Required work =
Set down exactly the lines below between the line holding "zsum2 K (fun" and the line holding "rewrite zsum2_scal. unfold", inclusive; no other line belongs in the answer.

Dataset =
Lemma psi_id x : simplex_bd V2 x -> ~ simplex_relint (facet_vertices V2 a) x -> psi x = x.
Proof.
move=> [/sigma2_baryP bx_ge0 x_nrel] x_ntau0.
have mu0 : mu (bary x) = 0.
  apply/le_anti; rewrite min_off_ge0 // andbT leNgt; apply/negP => mu_gt0.
  have pos j : j != a -> 0 < bary x 0 j.
    by move=> ja; apply: lt_le_trans mu_gt0 (min_off_le _ ja).
  move: (bx_ge0 a); rewrite le0r => /predU1P[xa0|xa_gt0].
    by apply: x_ntau0; apply/tau_relint_baryP.
  by apply: x_nrel; apply/relint2_baryP => k; case: (eqVneq k a) => [->|/pos].
have gap_ge0 : 0 <= gap (bary x) by rewrite /gap mu0 mulr0 subr0.
have [pa pj] := psi_bary_gap_ge0 gap_ge0.
rewrite -[RHS]baryK -[psi x]baryK bary_psi; congr (_ *m _); apply/rowP => k.
by case: (eqVneq k a) => [->|ka]; rewrite ?pa ?pj // /gap mu0 ?mulr0 ?subr0 ?addr0.
Qed.

Lemma psi_gluing :
  let sigma1 := simplex V1 in
  let sigma2 := simplex V2 in
  let tau := simplex (facet_vertices V2 a) in
  let tau0 := simplex_relint (facet_vertices V2 a) in
  let dtau := simplex_bd (facet_vertices V2 a) in
  let D := fun x => simplex_relint V1 x \/ (sigma2 x /\ ~ dtau x) in
  let Dbar := fun x => sigma1 x \/ sigma2 x in
  exists psi : 'rV[R]_n -> 'rV[R]_n,
    [/\ semialgebraic_map sigma2 psi,
        homeomorphism_on sigma2 Dbar psi,
        (forall y, D y <-> exists2 x, (sigma2 x /\ ~ tau x) & psi x = y) &
        (forall x, simplex_bd V2 x -> ~ tau0 x -> psi x = x)].
Proof.
move=> sigma1 sigma2 tau tau0 dtau D Dbar.
exists psi; split; first exact: semialgebraic_bary_map.
- split; first exact: psi_in_union.
  split; first exact: continuous_bary_map.
  exists psi_inv; split; first exact: psi_inv_in_sigma2.
  + exact: continuous_bary_map.
  + by move=> x _; apply: psiK.
  + by move=> y _; apply: psi_invK.
- move=> y; split=> [yD|[x [x2 x_ntau] <-]]; last exact: psi_notin_tau.
  by exists (psi_inv y); [apply: psi_inv_notin_tau | apply: psi_invK].
- exact: psi_id.
Qed.

End Gluing.

Theorem mainTheorem12 (R : rcfType) (n : nat) (n_gt0 : (0 < n)%N)
    (V1 V2 : 'M[R]_(n.+1, n))
    (hV1 : aff_indep V1) (hV2 : aff_indep V2)
    (i1 i2 : 'I_n.+1)
    (htau_common : forall x, simplex (facet_vertices V1 i1) x <->
                             simplex (facet_vertices V2 i2) x)
    (hcap : forall x, (simplex V1 x /\ simplex V2 x) <->
                      simplex (facet_vertices V2 i2) x) :
  let sigma1 := simplex V1 in
  let sigma2 := simplex V2 in
  let tau := simplex (facet_vertices V2 i2) in
  let tau0 := simplex_relint (facet_vertices V2 i2) in
  let dtau := simplex_bd (facet_vertices V2 i2) in
  let D := fun x => simplex_relint V1 x \/ (sigma2 x /\ ~ dtau x) in
  let Dbar := fun x => sigma1 x \/ sigma2 x in
  exists psi : 'rV[R]_n -> 'rV[R]_n,
    [/\ semialgebraic_map sigma2 psi,
        homeomorphism_on sigma2 Dbar psi,
        (forall y, D y <-> exists2 x, (sigma2 x /\ ~ tau x) & psi x = y) &
        (forall x, simplex_bd V2 x -> ~ tau0 x -> psi x = x)].
Proof. exact: (psi_gluing n_gt0 hV1 hV2 htau_common hcap). Qed.
Lemma kernel_sum_const_pos s q : 1 < q * (s + /4) -> 0 < kernel_sum_const s q.
Proof.
  intros H. unfold kernel_sum_const. pose proof (decay_sum_const_pos _ H).
  apply Rmult_lt_0_compat; [apply exp_pos| nra].
Qed.

Lemma kernel_pow_sum_le s q n K : s >= 1/4 -> 0 < q -> 1 < q * (s + /4) ->
  zsum2 K (fun n1 n2 => rpow (kernel s n n1 n2) q) <= kernel_sum_const s q.
Proof.
  intros Hs Hq Hal. set (al := q * (s + /4)) in *.
  pose proof (decay2_window_bounded al n Hal) as HB.
  eapply Rle_trans; [apply zsum2_le; intros; apply kernel_pow_bound; auto|].
  rewrite zsum2_scal. unfold kernel_sum_const. fold al.
  apply Rmult_le_compat_l; [left; apply exp_pos|].
  unfold pair_profile. rewrite !zsum2_plus.
  pose proof (window_product_le K _ _ _ _ HB HB). pose proof (window_convol_le K _ _ _ _ HB HB).
  pose proof (window_convol_le_swap K _ _ _ _ HB HB). lra.
Qed.

Lemma monotone_cv (u : nat -> R) B :
  (forall K, u K <= u (S K)) -> (forall K, u K <= B) -> { l | Un_cv u l }.
Proof. intros H1 H2. apply growing_cv; [exact H1|]. exists B. intros x [i ->]. apply H2. Qed.

Lemma lim_le (u : nat -> R) l B : Un_cv u l -> (forall K, u K <= B) -> l <= B.
Proof.
  intros Hc Hb. apply Rnot_lt_le. intros Hlt.
  destruct (Hc (l - B)) as [K HK]; [lra|].
  specialize (HK K (le_n K)). unfold Rdist in HK. specialize (Hb K).
  unfold Rabs in HK; destruct Rcase_abs; lra.
Qed.

Lemma lim_abs_le (u : nat -> R) l B : Un_cv u l -> (forall K, Rabs (u K) <= B) -> Rabs l <= B.
Proof. intros Hc Hb. apply (lim_le (fun K => Rabs (u K))); auto. apply cv_cvabs; auto. Qed.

Exercise answer =
  zsum2 K (fun n1 n2 => rpow (kernel s n n1 n2) q) <= kernel_sum_const s q.
Proof.
  intros Hs Hq Hal. set (al := q * (s + /4)) in *.
  pose proof (decay2_window_bounded al n Hal) as HB.
  eapply Rle_trans; [apply zsum2_le; intros; apply kernel_pow_bound; auto|].
  rewrite zsum2_scal. unfold kernel_sum_const. fold al.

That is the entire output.